The Children's Survival Rate

In children under 15, the five-year survival rate for leukemia is greater than 60% or even 90%, depending on the type of leukemia. For infants (those diagnosed under the age of 1), the survival rate is around 40%. In children who are cancer-free five years after diagnosis of acute leukemia, the cancer is unlikely to return. The success of treatment depends on the type of leukemia and the age of the person. Outcomes have improved in the developed world. The average five-year survival rate is 68% in the United States. In children with acute leukemia who are cancer-free after five years, the cancer is unlikely to return. The development of combination chemotherapy and other advanced treatments has led to significant improvements in the survival rates of children with leukemia. The success of these treatments has been particularly notable in the case of acute lymphoblastic leukemia, which is the most common type of leukemia in children. The development of targeted therapies and bone marrow transplants has also contributed to the improved survival rates of children with leukemia.
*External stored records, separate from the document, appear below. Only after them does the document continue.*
(* Let $\mathcal{M}$ be a gridding matrix whose cell graph $G_\mathcal{M}$ is a tree containing no bumper-ended path. Then $G_\mathcal{M}$ contains a vertex $r$ such that for every vertex $q\ne r$, the path in $G_\mathcal{M}$ from $r$ to $q$, written $r=p_1,\dots,p_m=q$, does not end in a bumper, i.e., $(p_{m-1},q)$ is not a bumper.
   Context: A $k\times\ell$ gridding matrix $\mathcal{M}$ has permutation classes as entries ($i$ columns left to right, $j$ rows bottom to top). The cell graph $G_\mathcal{M}$ has as vertices the cells with infinite entries, adjacent when they share a row or column and all cells strictly between them are finite or empty; $\mathcal{M}_p$ denotes the entry at vertex $p$. For a permutation $\pi$ of length $n$ (diagram $\{(i,\pi_i)\}$), intervalicity of $A\subseteq[n]$ is the least number of disjoint integer intervals with union $A$, and grid-complexity of a point set is the maximum of the intervalicities of its two axis projections. The horizontal path-width of $\pi$ is the maximum over $i$ of the grid-complexity of $\{(1,\pi_1),\dots,(i,\pi_i)\}$; the vertical path-width is the maximum over $i$ of the grid-complexity of the set of points with values $1,\dots,i$. An ordered pair $(p,q)$ of vertices of $G_\mathcal{M}$ is a bumper if either $\mathcal{M}_q$ has unbounded horizontal path-width (over its members) and shares a column with $p$, or $\mathcal{M}_q$ has unbounded vertical path-width and shares a row with $p$. A bumper-ended path is a path $p_1,\dots,p_k$ in $G_\mathcal{M}$ with both $(p_2,p_1)$ and $(p_{k-1},p_k)$ bumpers. *)

From mathcomp Require Import all_boot.
Set Implicit Arguments. Unset Strict Implicit. Unset Printing Implicit Defensive.

(* A permutation of length n is the word pi_1 ... pi_n, stored as a seq nat
   with pi_(j+1) = nth 0 s j; it must be a rearrangement of 1..n. *)
Definition is_perm (s : seq nat) : Prop := perm_eq s (iota 1 (size s)).

Definition contains (s t : seq nat) : Prop :=
  exists m : bitseq, size m = size s /\
    let u := mask m s in
    size u = size t /\
    forall i j, i < size t -> j < size t ->
      (nth 0 u i < nth 0 u j) = (nth 0 t i < nth 0 t j).

Definition is_perm_class (C : seq nat -> Prop) : Prop :=
  (forall s, C s -> is_perm s) /\
  (forall s t, C s -> is_perm t -> contains s t -> C t).

Definition infinite_class (C : seq nat -> Prop) : Prop :=
  ~ exists l : seq (seq nat), forall s, C s -> s \in l.

Definition intervalicity_le (A : nat -> Prop) (c : nat) : Prop :=
  exists ivs : seq (nat * nat),
    size ivs <= c /\
    (forall iv, iv \in ivs -> iv.1 <= iv.2) /\
    (forall i j, i < size ivs -> j < size ivs -> i <> j ->
       forall x, ~ ((nth (0,0) ivs i).1 <= x <= (nth (0,0) ivs i).2 /\
                    (nth (0,0) ivs j).1 <= x <= (nth (0,0) ivs j).2)) /\
    (forall x, A x <-> exists2 iv, iv \in ivs & iv.1 <= x <= iv.2).

Definition grid_complexity_le (P : seq (nat * nat)) (c : nat) : Prop :=
  intervalicity_le (fun x => x \in map fst P) c /\
  intervalicity_le (fun y => y \in map snd P) c.

Definition diagram (s : seq nat) : seq (nat * nat) :=
  [seq (j.+1, nth 0 s j) | j <- iota 0 (size s)].

Definition hpw_le (s : seq nat) (c : nat) : Prop :=
  forall i, i <= size s -> grid_complexity_le (take i (diagram s)) c.

Definition vpw_le (s : seq nat) (c : nat) : Prop :=
  forall i, i <= size s ->
    grid_complexity_le [seq p <- diagram s | p.2 <= i] c.

Definition unbounded_hpw (C : seq nat -> Prop) : Prop :=
  forall c, exists2 s, C s & ~ hpw_le s c.
Definition unbounded_vpw (C : seq nat -> Prop) : Prop :=
  forall c, exists2 s, C s & ~ vpw_le s c.

(* A k x l gridding matrix: M i j is the entry in column i (left to right)
   and row j (bottom to top). *)
Definition gridding (k l : nat) := 'I_k -> 'I_l -> seq nat -> Prop.

Definition cell (k l : nat) := ('I_k * 'I_l)%type.

Definition entry k l (M : gridding k l) (p : cell k l) := M p.1 p.2.

Definition is_vertex k l (M : gridding k l) (p : cell k l) : Prop :=
  infinite_class (entry M p).

Definition strictly_between (a x b : nat) : bool := (a < x < b) || (b < x < a).

Definition adj k l (M : gridding k l) (p q : cell k l) : Prop :=
  is_vertex M p /\ is_vertex M q /\ p <> q /\
  ( (p.1 = q.1 /\ forall c : cell k l, c.1 = p.1 ->
        strictly_between p.2 c.2 q.2 -> ~ is_vertex M c)
  \/ (p.2 = q.2 /\ forall c : cell k l, c.2 = p.2 ->
        strictly_between p.1 c.1 q.1 -> ~ is_vertex M c)).

Fixpoint chain (T : Type) (R : T -> T -> Prop) (x : T) (s : seq T) : Prop :=
  if s is y :: s' then R x y /\ chain R y s' else True.

Definition gpath k l (M : gridding k l) (x : cell k l) (s : seq (cell k l)) : Prop :=
  is_vertex M x /\ chain (adj M) x s /\ uniq (x :: s).

(* cycles of length >= 3 *)
Definition gcycle k l (M : gridding k l) (x : cell k l) (s : seq (cell k l)) : Prop :=
  gpath M x s /\ 2 <= size s /\ adj M (last x s) x.

Definition is_tree k l (M : gridding k l) : Prop :=
  (exists p, is_vertex M p) /\
  (forall p q, is_vertex M p -> is_vertex M q ->
     exists s, gpath M p s /\ last p s = q) /\
  (forall x s, ~ gcycle M x s).

Definition bumper k l (M : gridding k l) (p q : cell k l) : Prop :=
  is_vertex M p /\ is_vertex M q /\
  ((unbounded_hpw (entry M q) /\ p.1 = q.1) \/
   (unbounded_vpw (entry M q) /\ p.2 = q.2)).

Definition penult (T : Type) (x : T) (s : seq T) : T := last x (belast x s).

Definition bumper_ended_path k l (M : gridding k l)
    (p1 p2 : cell k l) (t : seq (cell k l)) : Prop :=
  gpath M p1 (p2 :: t) /\ bumper M p2 p1 /\
  bumper M (penult p1 (p2 :: t)) (last p1 (p2 :: t)).

From mathcomp Require Import all_boot.
From Stdlib Require Import Classical.

Set Implicit Arguments.
Unset Strict Implicit.
Unset Printing Implicit Defensive.

(* Call r a good root if no path from r ends in a bumper, and
   suppose no vertex is a good root.  Then from every vertex
   there is a path ending in a bumper.  Start at a vertex r0 with such a path
   r0 ... a b, and take a bumper-terminated path b c ... from its last vertex b.
   If c = a, then b a ... is a bumper-ended path, which is excluded; otherwise
   the concatenation r0 ... a b c ... never turns straight back on itself, and
   in a graph without cycles such a non-backtracking walk is a path.  So it is
   a strictly longer bumper-terminated path from r0; iterating, we get paths
   longer than the number of cells, which is absurd. *)

Fixpoint nonbacktracking (T : eqType) (s : seq T) : bool :=
  if s is x :: s' then
    (if s' is _ :: z :: _ then x != z else true) && nonbacktracking s'
  else true.

Lemma uniq_nonbacktracking (T : eqType) (s : seq T) :
  uniq s -> nonbacktracking s.
Proof.
elim: s => [//|x s IH] /= /andP [xNs /IH ->]; rewrite andbT.
by case: s xNs {IH} => [|y [|z s]] //=; rewrite !inE !negb_or => /and3P [].
Qed.

Lemma nonbacktracking_cons2 (T : eqType) (x y : T) (s : seq T) :
  nonbacktracking [:: x, y & s] = (ohead s != Some x) && nonbacktracking (y :: s).
Proof. by case: s => [|z s] //=; rewrite (inj_eq Some_inj) eq_sym. Qed.

Lemma nonbacktracking_join (T : eqType) (x b : T) (s s2 : seq T) :
  nonbacktracking (x :: rcons s b) -> nonbacktracking (b :: s2) ->
  ohead s2 != Some (last x s) -> nonbacktracking (x :: rcons s b ++ s2).
Proof.
elim: s x => [|y s IH] x.
  by move=> _ nb2 junction; rewrite nonbacktracking_cons2 junction.
rewrite !rcons_cons cat_cons !nonbacktracking_cons2.
have -> : ohead (rcons s b ++ s2) = ohead (rcons s b) by case: (s).
by case/andP=> -> nb1 nb2 junction; apply: IH.
Qed.

Lemma chain_cat (T : Type) (R : T -> T -> Prop) x s1 s2 :
  chain R x (s1 ++ s2) <-> chain R x s1 /\ chain R (last x s1) s2.
Proof.
elim: s1 x => [|y s1 IH] x /=; first by tauto.
by rewrite IH; tauto.
Qed.

Lemma penult_cat (T : Type) (x : T) s s2 : s2 <> [::] ->
  penult x (s ++ s2) = penult (last x s) s2.
Proof. by case: s2 => [//|y t] _; rewrite /penult belast_cat last_cat. Qed.

Lemma penult_rcons (T : Type) (x b : T) s : penult x (rcons s b) = last x s.
Proof. by rewrite /penult belast_rcons. Qed.

Definition bumper_path k l (M : gridding k l) (r : cell k l)
    (s : seq (cell k l)) : Prop :=
  gpath M r s /\ s <> [::] /\ bumper M (penult r s) (last r s).

Section CellGraph.

Variables (k l : nat) (M : gridding k l).

Lemma adj_neq (p q : cell k l) : adj M p q -> p != q.
Proof. by case=> _ [_ [pq _]]; apply/eqP. Qed.

Lemma last_vertex (r : cell k l) s : gpath M r s -> is_vertex M (last r s).
Proof.
case=> + [+ _]; elim: s r => [|y s IH] r //= _ [ry ch].
by apply: IH ch; case: ry => _ [].
Qed.

Lemma gpath_size (r : cell k l) s : gpath M r s -> size s < #|{: cell k l}|.
Proof.
case=> _ [_ u]; have := max_card (mem (r :: s)).
by rewrite (card_uniqP u).
Qed.

Hypothesis acyclic : forall x s, ~ gcycle M x s.

(* In an acyclic cell graph every non-backtracking walk is a path: a first
   repetition x ... x would either be an immediate return x v x or close a
   cycle of length at least 3. *)
Lemma nonbacktracking_walk_uniq (x : cell k l) w :
  chain (adj M) x w -> nonbacktracking (x :: w) -> uniq (x :: w).
Proof.
elim: w x => [//|y w IH] x walk nb.
have tail_uniq : uniq (y :: w).
  by apply: IH; [case: walk | case/andP: nb].
rewrite cons_uniq tail_uniq andbT; apply/negP => x_in.
move: x_in walk nb tail_uniq; case/splitPr => w1 w2.
case: w1 => [|v [|v' w1]].
- by case=> /adj_neq; rewrite eqxx.
- by move=> _; rewrite nonbacktracking_cons2 /= eqxx.
- set cyc := [:: v, v' & w1] => walk _ u.
  have [walk1 [back _]] := proj1 (chain_cat _ x cyc (x :: w2)) walk.
  apply: (acyclic (x := x) (s := cyc)); split; [split; [|split]|split] => //.
  + by case: walk => -[].
  + have sub : subseq (rcons cyc x) (cyc ++ x :: w2).
      by rewrite -cats1 cat_subseq // sub1seq mem_head.
    by rewrite cons_uniq -rcons_uniq (subseq_uniq sub u).
Qed.

Hypothesis no_bumper_ended : forall p1 p2 t, ~ bumper_ended_path M p1 p2 t.

Lemma bumper_path_cat (r : cell k l) s s2 :
  bumper_path M r s -> bumper_path M (last r s) s2 ->
  bumper_path M r (s ++ s2).
Proof.
case/lastP: s => [|s b]; first by case=> _ [].
rewrite last_rcons => -[[vr [walk1 u1]] [_ bump1]] [[vb [walk2 u2]] [ne2 bump2]].
rewrite penult_rcons last_rcons in bump1.
have junction : ohead s2 != Some (last r s).
  apply/eqP; case: s2 walk2 u2 ne2 bump2 => [//|c t] walk2 u2 _ bump2 [c_eq].
  apply: (no_bumper_ended (p1 := b) (p2 := c) (t := t)).
  by rewrite -c_eq in bump1; split; [split | split].
have walk : chain (adj M) r (rcons s b ++ s2).
  by apply/chain_cat; rewrite last_rcons.
split; [split; [|split] | split] => //.
- apply: nonbacktracking_walk_uniq walk _; rewrite -cat_cons.
  by apply: nonbacktracking_join; rewrite ?uniq_nonbacktracking.
- by case: (s).
- by rewrite penult_cat // last_cat last_rcons.
Qed.

Lemma bumper_paths_bounded (r0 : cell k l) : is_vertex M r0 ->
  ~ (forall r, is_vertex M r -> exists s, bumper_path M r s).
Proof.
move=> vr0 every.
have long n : exists s, bumper_path M r0 s /\ n <= size s.
  elim: n => [|n [s [bs long]]]; first by have [s bs] := every r0 vr0; exists s.
  have [s2 bs2] := every _ (last_vertex (proj1 bs)).
  exists (s ++ s2); split; first exact: bumper_path_cat.
  have [_ [ne2 _]] := bs2; rewrite size_cat; case: s2 ne2 {bs2} => [//|c t] _ /=.
  by rewrite addnS ltnS (leq_trans long) ?leq_addr.
have [s [[p _] too_long]] := long #|{: cell k l}|.
by have := gpath_size p; rewrite ltnNge too_long.
Qed.

End CellGraph.

(* A tree without bumper-ended paths has a root from which no path ends in a
   bumper. *)
Theorem mainTheorem14 (k l : nat) (M : gridding k l) :
  (forall i j, is_perm_class (M i j)) ->
  is_tree M ->
  (forall p1 p2 t, ~ bumper_ended_path M p1 p2 t) ->
  exists r : cell k l, is_vertex M r /\
    forall (q : cell k l) (s : seq (cell k l)),
      q <> r -> gpath M r s -> last r s = q ->
      ~ bumper M (penult r s) q.
Proof.
move=> _ [[r0 vr0] [_ acyclic]] no_bumper_ended.
apply: NNPP => no_root.
apply: (bumper_paths_bounded acyclic no_bumper_ended vr0) => r vr.
apply: NNPP => no_path; apply: no_root; exists r; split=> // q s qr p last_q bump.
apply: no_path; exists s; split=> //; split; last by rewrite last_q.
by move=> s0; apply: qr; rewrite -last_q s0.
Qed.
The Cultural Romanticization

According to Susan Sontag, leukemia was often romanticized in 20th-century fiction, portrayed as a joy-ending, clean disease whose fair, innocent and gentle victims die young or at the wrong time. As such, it was the cultural successor to tuberculosis, which held this cultural position until it was discovered to be an infectious disease. The 1970 romance novel Love Story is an example of this romanticization of leukemia. In the United States, around $5.4 billion is spent on treatment a year. The cultural perception of leukemia has evolved over time, from a disease that was seen as a tragic and romantic fate to a disease that is now understood as a complex and treatable condition. The romanticization of leukemia in fiction has had a significant impact on the public's understanding of the disease, as it has often led to a misunderstanding of the severity and complexity of the condition. The development of advanced treatments and the improved survival rates of patients with leukemia have helped to change the public's perception of the disease, as it is now seen as a condition that can be managed and even cured with the right combination of treatments.